### What you will do
Retype exactly the lines that run from the line with "Lemma ord_pred_neq m" to the final line of the entries, keeping both ends and nothing else.

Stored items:
-*-

(* Let $n\ge 2$ and $t\ge 0$ be integers, and let $a_1,\dots,a_t$ be integers with $1<a_1<\cdots<a_t<n$ and $\gcd(a_j,2n)=1$ for $1\le j\le t$. Then $\chi_{la}(C_{2n}(1,a_1,\dots,a_t))=3$.
   Context: For an integer $m\ge 3$ and integers $s_1,\dots,s_k$, the circulant graph $C_m(s_1,\dots,s_k)$ is the simple graph with vertex set $\mathbb Z_m$ in which distinct vertices $u,v$ are adjacent if and only if $u-v\equiv \pm s_i\pmod m$ for some $i$. For a connected graph $G=(V,E)$ with $q=|E|$, a local antimagic labeling is a bijection $f:E\to\{1,\dots,q\}$ such that adjacent vertices $x,y$ satisfy $f^+(x)\ne f^+(y)$, where $f^+(x)=\sum f(e)$ over edges $e$ incident to $x$; $\chi_{la}(G)$ is the minimum number of distinct values of $f^+$ over all local antimagic labelings $f$ of $G$. *)

From mathcomp Require Import all_boot.
Set Implicit Arguments. Unset Strict Implicit. Unset Printing Implicit Defensive.

Definition circ_adj (m : nat) (S : seq nat) : rel 'I_m :=
  fun u v => (u != v) &&
    has (fun s => ((u : nat) == (v + s) %% m) || ((v : nat) == (u + s) %% m)) S.

Section LA.
Variables (T : finType) (adj : rel T).

Definition edges : {set {set T}} :=
  [set e : {set T} | [exists x, exists y, adj x y && (e == [set x; y])]].

Definition vsum (f : {set T} -> nat) (x : T) : nat :=
  \sum_(e in edges | x \in e) f e.

Definition edge_bij (f : {set T} -> nat) : Prop :=
  {in edges &, injective f} /\
  (forall k, 1 <= k <= #|edges| -> exists2 e, e \in edges & f e = k) /\
  (forall e, e \in edges -> 1 <= f e <= #|edges|).

Definition local_antimagic (f : {set T} -> nat) : Prop :=
  edge_bij f /\ (forall x y, adj x y -> vsum f x != vsum f y).

Definition n_colors (f : {set T} -> nat) : nat :=
  size (undup [seq vsum f x | x <- enum T]).

Definition chi_la_eq (k : nat) : Prop :=
  (exists f, local_antimagic f /\ n_colors f = k) /\
  (forall f, local_antimagic f -> k <= n_colors f).
End LA.

From mathcomp Require Import all_boot zify.
Set Implicit Arguments. Unset Strict Implicit. Unset Printing Implicit Defensive.

(* Every generator is odd, so each edge joins an even and an odd vertex, and both
   parity classes have n vertices.  If a local antimagic labeling had only two
   vertex sums, the path 0, 1, ..., 2n-1 would force them to alternate with
   parity; summing over either class counts every edge label exactly once, so
   n c_even = n c_odd, a contradiction.
   Conversely, a generator s coprime to 2n runs through all vertices along the
   Hamiltonian cycle k |-> k s.  Label the edge from the k-th to the (k+1)-th
   vertex of the j-th such cycle by 2jn + g k, where g is a bijection from
   {0, ..., 2n-1} onto {1, ..., 2n} with g k + g (k-1) equal to 2n+1 for k even
   and to 2n for k odd, except 3n for k = 2n-1.  Every even vertex then gets the
   sum base + L (L the number of generators) and every odd vertex base or
   base + n, since an odd vertex x is the last vertex of the j-th cycle only if
   x = -s_j, which happens for at most one j. *)

Section VertexSums.
Variables (T : finType) (adj : rel T).

Lemma sum_vsum_transversal (f : {set T} -> nat) (P : pred T) :
  (forall e, e \in edges adj -> #|[pred x in e | P x]| = 1) ->
  \sum_(x | P x) vsum adj f x = \sum_(e in edges adj) f e.
Proof.
move=> meet1; rewrite /vsum; under eq_bigr do rewrite big_mkcondr.
rewrite exchange_big /=.
apply: eq_bigr => e /meet1 card_e; rewrite -big_mkcondr sum_nat_const.
rewrite -[RHS]mul1n -card_e; congr (_ * _); apply: eq_card => x.
by rewrite !inE andbC.
Qed.

Lemma edge_meets_side (p : T -> bool) :
  (forall x y, adj x y -> p x != p y) ->
  forall b e, e \in edges adj -> #|[pred x in e | p x == b]| = 1.
Proof.
move=> bip b e; rewrite inE => /existsP[x /existsP[y /andP[xy /eqP ->]]].
have := bip x y xy; rewrite -(card1 (if p x == b then x else y)) => pxy.
apply: eq_card => z; rewrite !inE.
have xny : x != y by apply: contraNneq pxy => ->.
case: (z =P x) => [-> | /eqP zx] /=.
  by case: ifP; rewrite ?eqxx // (negbTE xny).
case: (z =P y) => [-> | /eqP zy] /=; last by case: ifP => _; apply/esym/negbTE.
move: pxy; case: ifP; rewrite ?eqxx ?(eq_sym y) ?(negbTE xny);
  by case: (p x) (p y) b => [] [] [].
Qed.

Lemma vsum_two_valued (f : {set T} -> nat) (x0 x1 x : T) :
  n_colors adj f <= 2 -> vsum adj f x0 != vsum adj f x1 ->
  (vsum adj f x == vsum adj f x0) || (vsum adj f x == vsum adj f x1).
Proof.
move=> few ne01; apply/negPn/negP => /norP[ne0 ne1].
have vsum_mem y : vsum adj f y \in undup [seq vsum adj f z | z <- enum T].
  by rewrite mem_undup map_f ?mem_enum.
suff: 3 <= n_colors adj f by rewrite leqNgt ltnS few.
rewrite /n_colors -[3]/(size [:: vsum adj f x; vsum adj f x0; vsum adj f x1]).
apply: uniq_leq_size => [|z]; first by rewrite /= !inE negb_or ne0 ne1 ne01.
by rewrite !inE => /or3P[] /eqP ->.
Qed.

End VertexSums.

Section InducedLabeling.
Variables (T I : finType) (adj : rel T) (D : I -> {set T}) (label : I -> nat).
Hypotheses (D_inj : injective D) (edgesE : edges adj = D @: setT).

Definition induced_labeling (e : {set T}) : nat :=
  if [pick i | D i == e] is Some i then label i else 0.

Lemma induced_labelingE i : induced_labeling (D i) = label i.
Proof.
by rewrite /induced_labeling; case: pickP => [j /eqP/D_inj -> | /(_ i)]; rewrite ?eqxx.
Qed.

Lemma card_edges_param : #|edges adj| = #|I|.
Proof. by rewrite edgesE card_imset // cardsT. Qed.

Lemma vsum_induced x : vsum adj induced_labeling x = \sum_(i | x \in D i) label i.
Proof.
rewrite /vsum edgesE big_imset_cond /=; last by move=> i j _ _ /D_inj.
by apply: eq_big => [i | i _]; rewrite ?inE ?induced_labelingE.
Qed.

Hypotheses (label_inj : injective label) (label_range : forall i, 0 < label i <= #|I|).

Lemma edge_bij_induced : edge_bij adj induced_labeling.
Proof.
rewrite /edge_bij card_edges_param edgesE; split; last split.
- move=> _ _ /imsetP[i _ ->] /imsetP[j _ ->].
  by rewrite !induced_labelingE => /label_inj ->.
- move=> k k_range.
  have label_lt i : (label i).-1 < #|I| by have := label_range i; lia.
  have code_inj : injective (fun i => Ordinal (label_lt i)).
    move=> i j [] /(congr1 succn); rewrite !prednK ?(andP (label_range _)).1 //.
    by move/label_inj.
  have k_lt : k.-1 < #|I| by lia.
  have /codomP[i [/= label_i]] :=
    inj_card_onto code_inj (eq_leq (card_ord _)) (Ordinal k_lt).
  by exists (D i); [exact: imset_f | rewrite induced_labelingE; have := label_range i; lia].
- by move=> _ /imsetP[i _ ->]; rewrite induced_labelingE.
Qed.

End InducedLabeling.

Lemma card_odd_ord (n : nat) (b : bool) : #|[pred i : 'I_(2 * n) | odd i == b]| = n.
Proof.
rewrite -sum1_card big_mkcond /=.
rewrite -(big_mkord xpredT (fun i => if odd i == b then 1 else 0)).
elim: n => [|n IHn]; first by rewrite big_geq.
by rewrite mulnS addSn add1n !big_nat_recr //= IHn oddM /=; clear IHn; case: b => /=; lia.
Qed.

Lemma three_le_n_colors (n : nat) (adj : rel 'I_(2 * n)) (f : {set 'I_(2 * n)} -> nat) :
  0 < n ->
  (forall x y : 'I_(2 * n), val y = (val x).+1 -> adj x y) ->
  (forall x y, adj x y -> odd x != odd y) ->
  local_antimagic adj f -> 3 <= n_colors adj f.
Proof.
move=> n_gt0 adj_succ bip [_ antimagic]; rewrite leqNgt ltnS; apply/negP => few.
have lt02 : 0 < 2 * n by lia.
have lt12 : 1 < 2 * n by lia.
pose c b := vsum adj f (if b then Ordinal lt12 else Ordinal lt02).
have c_neq : c false != c true by apply: antimagic; apply: adj_succ.
have alternate i (lt_i : i < 2 * n) : vsum adj f (Ordinal lt_i) = c (odd i).
  elim: i lt_i => [|i IHi] lt_i; first by congr (vsum _ _ _); apply: val_inj.
  have lt_i' : i < 2 * n by lia.
  have := antimagic _ _ (adj_succ (Ordinal lt_i') (Ordinal lt_i) erefl).
  have := vsum_two_valued (Ordinal lt_i) few c_neq; rewrite IHi /=.
  by case: (odd i) => /orP[] /eqP ->; rewrite ?eqxx.
have side_sum b : \sum_(x : 'I_(2 * n) | odd x == b) vsum adj f x = n * c b.
  rewrite (eq_bigr (fun _ => c b)) ?sum_nat_const ?card_odd_ord 1?mulnC //.
  by move=> [i lt_i] /= /eqP <-; apply: alternate.
have := sum_vsum_transversal f (edge_meets_side bip false).
rewrite -(sum_vsum_transversal f (edge_meets_side bip true)) !side_sum.
by move/eqP; rewrite eqn_pmul2l // (negbTE c_neq).
Qed.

Lemma eqn_modMr_coprime s m k k' :
  coprime s m -> (k * s == k' * s %[mod m]) = (k == k' %[mod m]).
Proof.
move=> co; wlog le_k'k : k k' / k' <= k.
  move=> W; case: (leqP k' k) => [|/ltnW] /W //.
  by rewrite [LHS]eq_sym [RHS]eq_sym.
rewrite !eqn_mod_dvd ?leq_mul2r ?le_k'k ?orbT // -mulnBl Gauss_dvdl //.
by rewrite coprime_sym.
Qed.

Lemma ord_pred_neq m (k : 'I_m) : 1 < m -> ord_pred k != k.
Proof.
move=> m_gt1; apply/eqP => /(congr1 (@ordS m)); rewrite ord_predK => /(congr1 val) /=.
have := ltn_ord k; case: (ltngtP k.+1 m) => [lt_km _ | // | eq_km _].
  by rewrite modn_small //; lia.
by rewrite eq_km modnn; lia.
Qed.

Definition cycle_label (n k : nat) : nat :=
  if odd k then (if k.+1 == 2 * n then 2 * n else 2 * n - (k./2).+1) else (k./2).+1.

Lemma cycle_label_range n k : k < 2 * n -> 0 < cycle_label n k <= 2 * n.
Proof.
rewrite /cycle_label; have := odd_double_half k.
by case: odd => /=; [case: eqP|]; lia.
Qed.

-*-

### Your response
Lemma ord_pred_neq m (k : 'I_m) : 1 < m -> ord_pred k != k.
Proof.
move=> m_gt1; apply/eqP => /(congr1 (@ordS m)); rewrite ord_predK => /(congr1 val) /=.
have := ltn_ord k; case: (ltngtP k.+1 m) => [lt_km _ | // | eq_km _].
  by rewrite modn_small //; lia.
by rewrite eq_km modnn; lia.
Qed.

Definition cycle_label (n k : nat) : nat :=
  if odd k then (if k.+1 == 2 * n then 2 * n else 2 * n - (k./2).+1) else (k./2).+1.

Lemma cycle_label_range n k : k < 2 * n -> 0 < cycle_label n k <= 2 * n.
Proof.
rewrite /cycle_label; have := odd_double_half k.
by case: odd => /=; [case: eqP|]; lia.
Qed.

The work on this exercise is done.